Impairment of the circadian clock protein PER2 expression resulted in p300-dependent HMGB1 upregulation in the microglia upon sleep deprivation. (A) Rats were subjected to sleep deprivation for 72 h, and then the expression levels of the circadian clock proteins (CLCOK, BMAL1, PER2, CRY1, CRY2) in the cortex before and after sleep deprivation were detected. (N = 3) (B) Relative expression and quantification of the proteins in Fig. 4A were shown. (C) Rats were subjected to sleep deprivation for 72 h, and then the expression levels of PER2 in the hippocampus before and after sleep deprivation were detected. (N = 3) (D) Relative expression and quantification of PER2 in Fig. 4C were shown. (E and F) BV2 (E) or C8D1A (F) cells were transfected with PER2 siRNA or its control siRNA, and then the expression levels of PER2, p300, SIRT1 and HMGB1 were determined at 36 h later. Data are expressed as the mean ± SD. siRNA and plasmids transfection in BV2 cells were repeated 3 times independently, the representative bands and their relative levels to the control bands are shown.
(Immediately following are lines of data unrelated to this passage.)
(* diagonal action h.(f (x) omega (x) g) = hf (x) h omega (x) h g h^-1,
   so (h.x)_g = h.(x_{h^-1 g h}).  In MathComp, (h * g * h^-1)%g is the
   permutation  i |-> h^-1 (g (h i)),  i.e. the composite h^-1 o g o h. *)
Definition act (h : {perm 'I_n}) (x : amb) : amb :=
  ([ffun g => [ffun kij : 'I_n * ('I_n * 'I_n) =>
       x.1 (h * g * h^-1)%g ((h^-1)%g kij.1, ((h^-1)%g kij.2.1, (h^-1)%g kij.2.2))]],
   [ffun g => [ffun ij : 'I_n * 'I_n =>
       x.2 (h * g * h^-1)%g ((h^-1)%g ij.1, (h^-1)%g ij.2)]]).

Definition Sn_invariant (x : amb) : Prop := forall h, act h x = x.

Definition is_3cycle (g : {perm 'I_n}) : Prop :=
  exists a b c : 'I_n,
    [/\ a != b, b != c & a != c] /\ [/\ g a = b, g b = c & g c = a] /\
    (forall i, i \notin [:: a; b; c] -> g i = i).

Definition supp3 (x : amb) : Prop :=
  forall g, ~ is_3cycle g -> x.1 g = 0 /\ x.2 g = 0.

End Defs.

(* For a 3-cycle g = (a b c) the fixed space V^g has codimension 2, so
   H^{2,d}_g = S^d(V^g) (x) L^2((V^g)^* )^perp, and L^2((V^g)^* )^perp is the line
   spanned by w_g = (e_a - e_b) /\ (e_b - e_c).  An element supported on
   3-cycles therefore has components l_g w_g in degree 0 and s_g (x) w_g with
   s_g in V^g in degree 1.  All 3-cycles are conjugate and g |-> w_g is
   equivariant, so invariance determines everything from one 3-cycle g0: l_g is
   constant, and s_g0, being fixed by g0 and by the transpositions of fixed
   points of g0 (which commute with g0), is constant on the support of g0 and
   constant on its fixed points.  This leaves three invariants, the last of
   which vanishes exactly when n = 3 (g0 has no fixed points); evaluating at
   suitable coordinates of g0 shows that they are independent. *)

From HB Require Import structures.
From mathcomp Require Import all_boot all_order all_algebra all_fingroup zify ring.
Set Implicit Arguments. Unset Strict Implicit. Unset Printing Implicit Defensive.
Import GRing.Theory.
Local Open Scope ring_scope.

Section Dimension.
Variables (C : numClosedFieldType) (W : lmodType C) (P : W -> Prop).

Lemma is_dim_dual_basis k (b : 'I_k -> W) (f : 'I_k -> W -> C) :
  (forall i, P (b i)) -> (forall i, scalar (f i)) ->
  (forall i j, f i (b j) = (i == j)%:R) ->
  (forall w, P w -> w = \sum_i f i w *: b i) -> is_dim P k.
Proof.
move=> Pb f_lin f_b span; exists b; split=> //; split=> [coef coef_b0 i|w Pw]; last first.
  by exists (fun i => f i w); apply: span.
pose fi : {scalar W} := HB.pack (f i) (GRing.isLinear.Build _ _ _ _ (f i) (f_lin i)).
transitivity (fi (\sum_j coef j *: b j)); last by rewrite coef_b0 linear0.
rewrite linear_sum (bigD1 i) // big1 => [|j ji]; rewrite linearZ /= f_b.
  by rewrite eqxx mulr1 addr0.
by rewrite eq_sym (negbTE ji) mulr0.
Qed.

Lemma is_dim_leq k1 k2 : is_dim P k1 -> is_dim P k2 -> (k1 <= k2)%N.
Proof.
move=> [b1 [Pb1 [free1 _]]] [b2 [_ [_ span2]]].
have [M b1E] := fin_all_exists (fun i => span2 _ (Pb1 i)).
pose A := \matrix_(i, j) M i j.
have comb (v : 'rV_k1) : \sum_i v 0 i *: b1 i = \sum_j (v *m A) 0 j *: b2 j.
  under eq_bigr do rewrite b1E scaler_sumr.
  rewrite exchange_big; apply: eq_bigr => j _; rewrite !mxE scaler_suml.
  by apply: eq_bigr => i _; rewrite mxE scalerA.
suff /eqP <- : row_free A by exact: rank_leq_col.
apply/inj_row_free => v vA0; apply/rowP => i; rewrite mxE.
by apply: free1; rewrite comb vA0; apply: big1 => j _; rewrite mxE scale0r.
Qed.

Lemma is_dim_unique k1 k2 : is_dim P k1 -> is_dim P k2 -> k1 = k2.
Proof. by move=> P1 P2; apply/eqP; rewrite eqn_leq !(is_dim_leq P1 P2, is_dim_leq P2 P1). Qed.

End Dimension.

Section ThreeCycles.
Variable T : finType.
Implicit Types (g h : {perm T}) (a b c i : T).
NS: no significance, * p < 0.05.

Fig. 5

PER2 acted as a co-suppressor of p300 in microglial cells. (A) BV2 cells were transfected with FLAG-PER2 expression plasmid or its control vector, and then the whole cell lysate were immunorepcipitated with anti-FLAG antibody followed by blotting with anti-p300 antibody to detect the potential interaction of PER2 and p300. (B) Design of the truncated PER2 mutants. (C) BV2 cells were transfected with WT-PER2 or the truncated PER2 mutants, and then the whole cell lysate were immunorepcipitated with anti-FLAG antibody followed by blotting with anti-p300 antibody to detect p300 binding domain within PER2. (D) BV2 cells were transfected with PER2 siRNA or its control siRNA, followed by reconstitution with WT-PER2 or the truncated PER2 mutants. Then the expression levels of p300 were detected at 36 h later.

Fig. 6

Schematic presentation of working model in this study. PER2 constitutively interacted with p300 and inhibit p300 expressions in the cortical microglia under steady state. Sleep deprivation induced PER2 downregulation and interruption of PER2/p300 interaction. Then the increased expression of p300 triggered HMGB1 acetylation and secretion, leading to the elevation of HMGB1 in the cortex and CSF and the resultant neuroinflammation.